*Supplied data:*
Definition hermitian_structure (br : V -> V -> V) (J : 'M[R]_d) (G : 'M[R]_d)
  : Prop :=
  [/\ integrable_acs br J,
      G^T = G,
      (forall x : V, x != 0 -> 0 < ip G x x) &
      (forall x y : V, ip G (x *m J) (y *m J) = ip G x y)].

(* Complex-valued (real-linear) 1-forms on g, i.e. complex 1-forms on g_C,
   given by their values phi k 0 on the standard basis vectors. *)
Definition evf (phi : 'cV[C]_d) (x : V) : C := \sum_k (x 0 k)%:C * phi k 0.

Definition conjf (phi : 'cV[C]_d) : 'cV[C]_d := map_mx (@conjc R) phi.

(* (1,0)-form: vanishes on g^{0,1} = {x + i Jx}, i.e. phi(Jx) = i phi(x) *)
Definition is10 (J : 'M[R]_d) (phi : 'cV[C]_d) : Prop :=
  forall x : V, evf phi (x *m J) = 'i * evf phi x.

(* complexified vectors a + i b, written as pairs (a,b) *)
Definition evfC (phi : 'cV[C]_d) (ab : V * V) : C :=
  evf phi ab.1 + 'i * evf phi ab.2.

(* complex-bilinear extension of g *)
Definition ipC (G : 'M[R]_d) (u w : V * V) : C :=
  (ip G u.1 w.1 - ip G u.2 w.2) +i* (ip G u.1 w.2 + ip G u.2 w.1).

(* e = x - i Jx in g^{1,0} and its conjugate *)
Definition vec10 (J : 'M[R]_d) (x : V) : V * V := (x, - (x *m J)).
Definition vec01 (J : 'M[R]_d) (x : V) : V * V := (x, x *m J).

(* phi_1..phi_n is a unitary coframe: the dual basis of a basis e_1..e_n of
   g^{1,0} with g(e_i, conj e_j) = delta_ij (orthonormality forces the e_j to
   form a basis of the n-dimensional space g^{1,0}). *)
Definition unitary_coframe (n : nat) (J G : 'M[R]_d) (phi : 'I_n -> 'cV[C]_d)
  : Prop :=
  (forall i, is10 J (phi i)) /\
  exists X : 'I_n -> V,
    (forall i j, ipC G (vec10 J (X i)) (vec01 J (X j)) = (i == j)%:R) /\
    (forall i j, evfC (phi i) (vec10 J (X j)) = (i == j)%:R).

Definition wedge (a b : 'cV[C]_d) (x y : V) : C :=
  evf a x * evf b y - evf a y * evf b x.

Definition dform (br : V -> V -> V) (phi : 'cV[C]_d) (x y : V) : C :=
  - evf phi (br x y).

End Defs.

(* Let H be the abelian ideal of codimension one and X_1 a vector orthogonal to H
   with g(X_1, X_1) = 1/2; then JX_1 lies in H.  Extend X_1 to a real frame
   X_1, JX_1, ..., X_n, JX_n whose complexified vectors X_j - iJX_j are unitary, and
   take phi_j = g(., X_j) + i g(., JX_j), the dual unitary coframe.  With D = ad X_1,
   every bracket is [a X_1 + p, b X_1 + q] = a Dq - b Dp for p, q in H, and since H is
   abelian the integrability of J gives D(Jz) = J(Dz) whenever z, Jz lie in H.
   Expanding Dp in the frame thus only produces phi_1 /\ conj(phi_1), through
   D(JX_1), and (phi_1 + conj(phi_1)) /\ phi_j.  Finally phi_1(D X_j) = 0 for j >= 2,
   because both D X_j and J(D X_j) = D(JX_j) lie in H, the orthogonal of X_1. *)

From HB Require Import structures.
From mathcomp Require Import all_boot all_order all_algebra.
From mathcomp Require Import reals.
From mathcomp Require Import complex.
From mathcomp Require Import ring.
Set Implicit Arguments. Unset Strict Implicit. Unset Printing Implicit Defensive.
Import Order.TTheory GRing.Theory Num.Theory.
Local Open Scope ring_scope.
Local Open Scope complex_scope.

Section Bracket.
Variables (R : numFieldType) (V : lmodType R) (br : V -> V -> V).
Hypothesis brL : forall (a : R) (x y z : V), br (a *: x + y) z = a *: br x z + br y z.
Hypothesis br_anti : forall x y : V, br x y = - br y x.

Lemma br0l z : br 0 z = 0.
Proof.
have := brL 1 0 0 z; rewrite scale1r addr0 scale1r -{1}[br 0 z]addr0.
by move/addrI/esym.
Qed.

Lemma brDl x y z : br (x + y) z = br x z + br y z.
Proof. by have := brL 1 x y z; rewrite !scale1r. Qed.

Lemma brZl a x z : br (a *: x) z = a *: br x z.
Proof. by rewrite -[a *: x]addr0 brL br0l addr0. Qed.

Lemma brDr x y z : br z (x + y) = br z x + br z y.
Proof. by rewrite br_anti brDl opprD -!br_anti. Qed.

Lemma brZr a x z : br z (a *: x) = a *: br z x.
Proof. by rewrite br_anti brZl -scalerN -br_anti. Qed.

Lemma br_sumr m (f : 'I_m -> V) z : br z (\sum_j f j) = \sum_j br z (f j).
Proof.
elim/big_rec2: _ => [|j y1 y2 _ <-]; last by rewrite brDr.
by rewrite br_anti br0l oppr0.
Qed.

Lemma brxx x : br x x = 0.
Proof.
have : (2%:R : R) *: br x x = 0 by rewrite scaler_nat mulr2n {1}br_anti addNr.
by move/eqP; rewrite scaler_eq0 pnatr_eq0 => /eqP.
Qed.

Lemma br_codim1_abelian a b X p q : br p q = 0 ->
  br (a *: X + p) (b *: X + q) = a *: br X q - b *: br X p.
Proof.
move=> pq; rewrite brL !brDr !brZr brxx scaler0 add0r pq addr0.
by rewrite (br_anti p X) scalerN.
Qed.

End Bracket.

Lemma sum_ord_split0 (V : nmodType) n (i0 : 'I_n) (f : 'I_n -> V) : i0 = 0 :> nat ->
  \sum_(j < n) f j = f i0 + \sum_(j < n | (0 < j)%N) f j.
Proof.
move=> i00; rewrite (bigD1 i0) //=; congr (_ + _); apply: eq_bigl => j.
by rewrite lt0n -val_eqE /= i00.
Qed.

Lemma exists_nonzero_left_kernel (F : fieldType) m p (M : 'M[F]_(m, p)) :
  (\rank M < m)%N -> exists2 y : 'rV_m, y != 0 & y *m M = 0.
Proof.
move=> rkM; have /rowV0Pn[y /sub_kermxP yM y0] : kermx M != 0.
  by rewrite -mxrank_eq0 mxrank_ker subn_eq0 -ltnNge.
by exists y.
Qed.

Section InnerProduct.
Variables (R : realType) (d : nat) (G : 'M[R]_d).
Local Notation V := 'rV[R]_d.
Local Notation g := (ip G).

Lemma ipDl x y z : g (x + y) z = g x z + g y z.
Proof. by rewrite /ip !mulmxDl mxE. Qed.

Lemma ipZl a x z : g (a *: x) z = a * g x z.
Proof. by rewrite /ip -!scalemxAl mxE. Qed.

Lemma ipNl x z : g (- x) z = - g x z.
Proof. by rewrite -scaleN1r ipZl mulN1r. Qed.

Lemma ipBl x y z : g (x - y) z = g x z - g y z.
Proof. by rewrite ipDl ipNl. Qed.

Lemma ip_mx x y : x *m (G *m y^T) = (g x y)%:M.
Proof. by apply/matrixP => i j; rewrite !ord1 mulmxA [RHS]mxE eqxx mulr1n. Qed.

Lemma ip_row m1 m2 (A : 'M[R]_(m1, d)) (B : 'M[R]_(m2, d)) i j :
  (A *m G *m B^T) i j = g (row i A) (row j B).
Proof. by rewrite /ip !mxE; apply: eq_bigr => k _; rewrite -row_mul !mxE. Qed.

Hypothesis G_sym : G^T = G.

Lemma ip_sym x y : g x y = g y x.
Proof.
rewrite /ip; have -> : (x *m G *m y^T) 0 0 = (x *m G *m y^T)^T 0 0 by rewrite [RHS]mxE.
by rewrite !trmx_mul trmxK G_sym mulmxA.
Qed.

Lemma ipZr a x z : g z (a *: x) = a * g z x.
Proof. by rewrite ip_sym ipZl (ip_sym z). Qed.

Hypothesis G_pos : forall x : V, x != 0 -> 0 < g x x.

Lemma ip_normalize (y : V) : y != 0 -> exists c : R, g (c *: y) (c *: y) = 2^-1.
Proof.
move=> y0; have yy := G_pos y0.
have s2 : Num.sqrt (2 * g y y) ^+ 2 = 2 * g y y by rewrite sqr_sqrtr // ltW ?mulr_gt0.
exists (Num.sqrt (2 * g y y))^-1; rewrite ipZl ipZr mulrA -expr2 exprVn s2.
by field; rewrite lt0r_neq0.
Qed.

Lemma orthogonal_hyperplane (H : 'M[R]_d) (y : V) : \rank H = d.-1 -> y != 0 ->
  (forall z, (z <= H)%MS -> g z y = 0) -> forall z, (z <= H)%MS <-> g z y = 0.
Proof.
move=> rkH y0 Hy z; split=> [|zy]; first exact: Hy.
have Gy0 : G *m y^T != 0.
  apply: contraNneq (lt0r_neq0 (G_pos y0)) => Gy0.
  by rewrite -[g y y]/((y *m G *m y^T) 0 0) -mulmxA Gy0 mulmx0 mxE.
have HK : (H <= kermx (G *m y^T))%MS.
  apply/sub_kermxP/row_matrixP => i.
  by rewrite row_mul row0 ip_mx Hy ?row_sub // raddf0.
have rkK : \rank (kermx (G *m y^T)) = d.-1.
  rewrite mxrank_ker -subn1; congr (_ - _)%N; apply/eqP.
  by rewrite eqn_leq rank_leq_col lt0n mxrank_eq0.
have /andP[_ KH] : (H == kermx (G *m y^T))%MS.
  by rewrite -(mxrank_leqif_eq HK).2 rkH rkK.
by apply: submx_trans KH; apply/sub_kermxP; rewrite ip_mx zy raddf0.
Qed.

Lemma unit_normal (H : 'M[R]_d) : (0 < d)%N -> \rank H = d.-1 ->
  exists X0 : V, g X0 X0 = 2^-1 /\ forall z, (z <= H)%MS <-> g z X0 = 0.
Proof.
move=> d0 rkH.
have [y y0 yGH] : exists2 y : V, y != 0 & y *m (G *m H^T) = 0.
  apply: exists_nonzero_left_kernel; apply: leq_ltn_trans (mxrankM_maxr _ _) _.
  by rewrite mxrank_tr rkH ltn_predL.
have Hy z : (z <= H)%MS -> g z y = 0.
  case/submxP=> w ->; rewrite ip_sym /ip trmx_mul !mulmxA -(mulmxA y) yGH.
  by rewrite !mul0mx mxE.
have [c X0X0] := ip_normalize y0.
have c0 : c != 0.
  apply: contra_eq_neq X0X0 => ->.
  by rewrite scale0r /ip !mul0mx mxE eq_sym invr_eq0 pnatr_eq0.
exists (c *: y); split=> // z; rewrite (orthogonal_hyperplane rkH y0 Hy) ipZr.
by split=> [->|/eqP]; rewrite ?mulr0 // mulf_eq0 (negbTE c0) => /eqP.
Qed.

End InnerProduct.

Section UnitaryFrame.
Variables (R : realType) (d : nat) (J G : 'M[R]_d).
Local Notation V := 'rV[R]_d.
Local Notation g := (ip G).
Hypothesis JJ : J *m J = - 1%:M.
Hypothesis G_sym : G^T = G.
Hypothesis G_pos : forall x : V, x != 0 -> 0 < g x x.
Hypothesis G_J : forall x y : V, g (x *m J) (y *m J) = g x y.

Lemma mulmxJJ (x : V) : x *m J *m J = - x.
Proof. by rewrite -mulmxA JJ mulmxN mulmx1. Qed.

Lemma ipJl x y : g (x *m J) y = - g x (y *m J).
Proof. by rewrite -G_J mulmxJJ ipNl. Qed.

*Activity:* Among the records above, repeat exactly the line with "Set Implicit Arguments.", the line with "Hypothesis brL : forall", and every line in between, and only those.

*Task solution:*
Set Implicit Arguments. Unset Strict Implicit. Unset Printing Implicit Defensive.
Import Order.TTheory GRing.Theory Num.Theory.
Local Open Scope ring_scope.
Local Open Scope complex_scope.

Section Bracket.
Variables (R : numFieldType) (V : lmodType R) (br : V -> V -> V).
Hypothesis brL : forall (a : R) (x y z : V), br (a *: x + y) z = a *: br x z + br y z.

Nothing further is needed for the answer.